Emotion/Narrative Plan for a Song

In this graph, the narrative quality of the lyric is represented by the green line, while the emotional value of the lyric is represented by the green line. As you can see, they usually move in opposite directions.

Not every song will do this, and that’s because songwriting is an art form, meaning that we must also take into account the creative imagination of the writer, who might feel compelled to do something entirely different.

But take a classic rock/pop song like Lennon & McCartney’s “She Loves You”, and you’ll see that it represents their lyrical approach quite accurately. And even though “She Loves You” doesn’t use a bridge, you can eliminate that part of the graph and it still works. The verses tell a kind of story (“You think you’ve lost your love/ Well I saw her yesterday…”), and the chorus becomes considerably more emotional (“She loves you, yeah, yeah, yeah…”).
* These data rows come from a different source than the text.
Lemma size_lead_skX p : p != 0 ->
  size (sX p) = (size p).+1 /\ lead_coef (sX p) = sigma (lead_coef p).
Proof.
move=> pn0; have sp : size p = (size p).-1.+1 by rewrite prednK // size_poly_gt0.
have top : (sX p)`_(size p) = sigma (lead_coef p).
  by rewrite coef_skX {1}sp (nth_default _ (leqnn _)) delta0 addr0.
have top_neq0 : (sX p)`_(size p) != 0.
  by rewrite top; apply: contra pn0 => /eqP /sigma_eq0 /eqP; rewrite lead_coef_eq0.
have size_sXp : size (sX p) = (size p).+1.
  apply/eqP; rewrite eqn_leq size_skX_leq ltnNge; apply: contra top_neq0 => h.
  by rewrite nth_default.
by rewrite lead_coefE size_sXp.
Qed.

Lemma size_lead_iter_skX k p : p != 0 ->
  size (iter k sX p) = (size p + k)%N /\ lead_coef (iter k sX p) = iter k sigma (lead_coef p).
Proof.
move=> pn0; elim: k => [|k [IH1 IH2]] /=; first by rewrite addn0.
have nz : iter k sX p != 0 by rewrite -size_poly_gt0 IH1 addn_gt0 size_poly_gt0 pn0.
by have [-> ->] := size_lead_skX nz; rewrite IH1 IH2 addnS.
Qed.

Lemma size_lead_skmul p q : p != 0 -> q != 0 ->
  size (sm p q) = (size p + size q).-1 /\
  lead_coef (sm p q) = lead_coef p * iter (size p).-1 sigma (lead_coef q).
Proof.
move=> pn0 qn0; set d := (size p).-1.
have sp : size p = d.+1 by rewrite prednK // size_poly_gt0.
rewrite (@skmulE_bound d.+1 p q (eq_leq sp)) big_ord_recr /=.
have [size_top lead_top] := size_lead_iter_skX d qn0.
have pd_reg : GRing.lreg p`_d.
  by apply/mulrI/hF; move: pn0; rewrite -lead_coef_eq0 lead_coefE.
have size_rest : (size (\sum_(i < d) p`_i *: iter i sX q)%R < size q + d)%N.
  case: d {sp pd_reg size_top lead_top} => [|d].
    by rewrite big_ord0 size_poly0 addn0 size_poly_gt0.
  rewrite addnS ltnS; apply: size_sum_leq => i _; apply: leq_trans (size_scale_leq _ _) _.
  by have [-> _] := size_lead_iter_skX i qn0; rewrite leq_add2l -ltnS.
rewrite addrC size_polyDl ?lreg_size ?size_top // addrC lead_coefDr ?lreg_size ?size_top //.
by split; [rewrite sp addSn addnC | rewrite lead_coef_lreg // lead_top lead_coefE].
Qed.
The ebb-and-flow of emotion within a lyric is part of what keeps audiences coming back. Songs that are all-emotion-all-the-time tend to dull their own effect. Audiences can become emotionally tired, you might say. They need the narrative quality of the verse to fuel the emotion of the chorus.

Creating Your Own Emotion Graph

Here’s a good idea for seeing how you’ve handled the emotional content of your own lyric:

  1. Take your latest song, and write out the lyric.
  2. Go line by line, and assess them for their emotional value. Assign a number out of 10. (1 is a purely observational, narrative line (“I was walking down the street..”), while 10 would be full-out emotion (“Oh, why, why why!?”)
  3. You can now go line by line and assess them for their narrative quality, but you should be noticing that fully emotive lines will have little narrative characteristic, while a purely observational line will have little emotion. As I mentioned, they tend to move in opposite directions.
  4. Draw a vertical and horizontal line graph like the one pictured above, label the verses and choruses and any other sections your particular song might have, and plot the emotion numbers by drawing a dot to represent the value of each line of lyric. If you assigned a line an emotional value of 2, let’s say, you place your dot down near the horizontal line. A 10 would put it at the top of the graph. Then draw a line to connect the dots.
  5. Do the same for the narrative characteristics. To make it clear, you may want to choose different colours for each quality, as the graph above has done.

You’ve now got a graph that shows the emotional and narrative qualities of your lyric at a glance.

The most common problem in this aspect of lyric-writing is when the verse contains too many highly emotive lines, with little narrative content. It’s usually a problem because without the narrative lines, the emotions of the chorus don’t seem to have a reason for being there, and the song just starts to sound “complainy.”

An exercise like this can be very instructional if you find that your lyrics aren’t having the kind of effect you want them to have. If you feel that something’s preventing your listeners from connecting emotionally to your lyric, this is a good first step for analyzing the problem.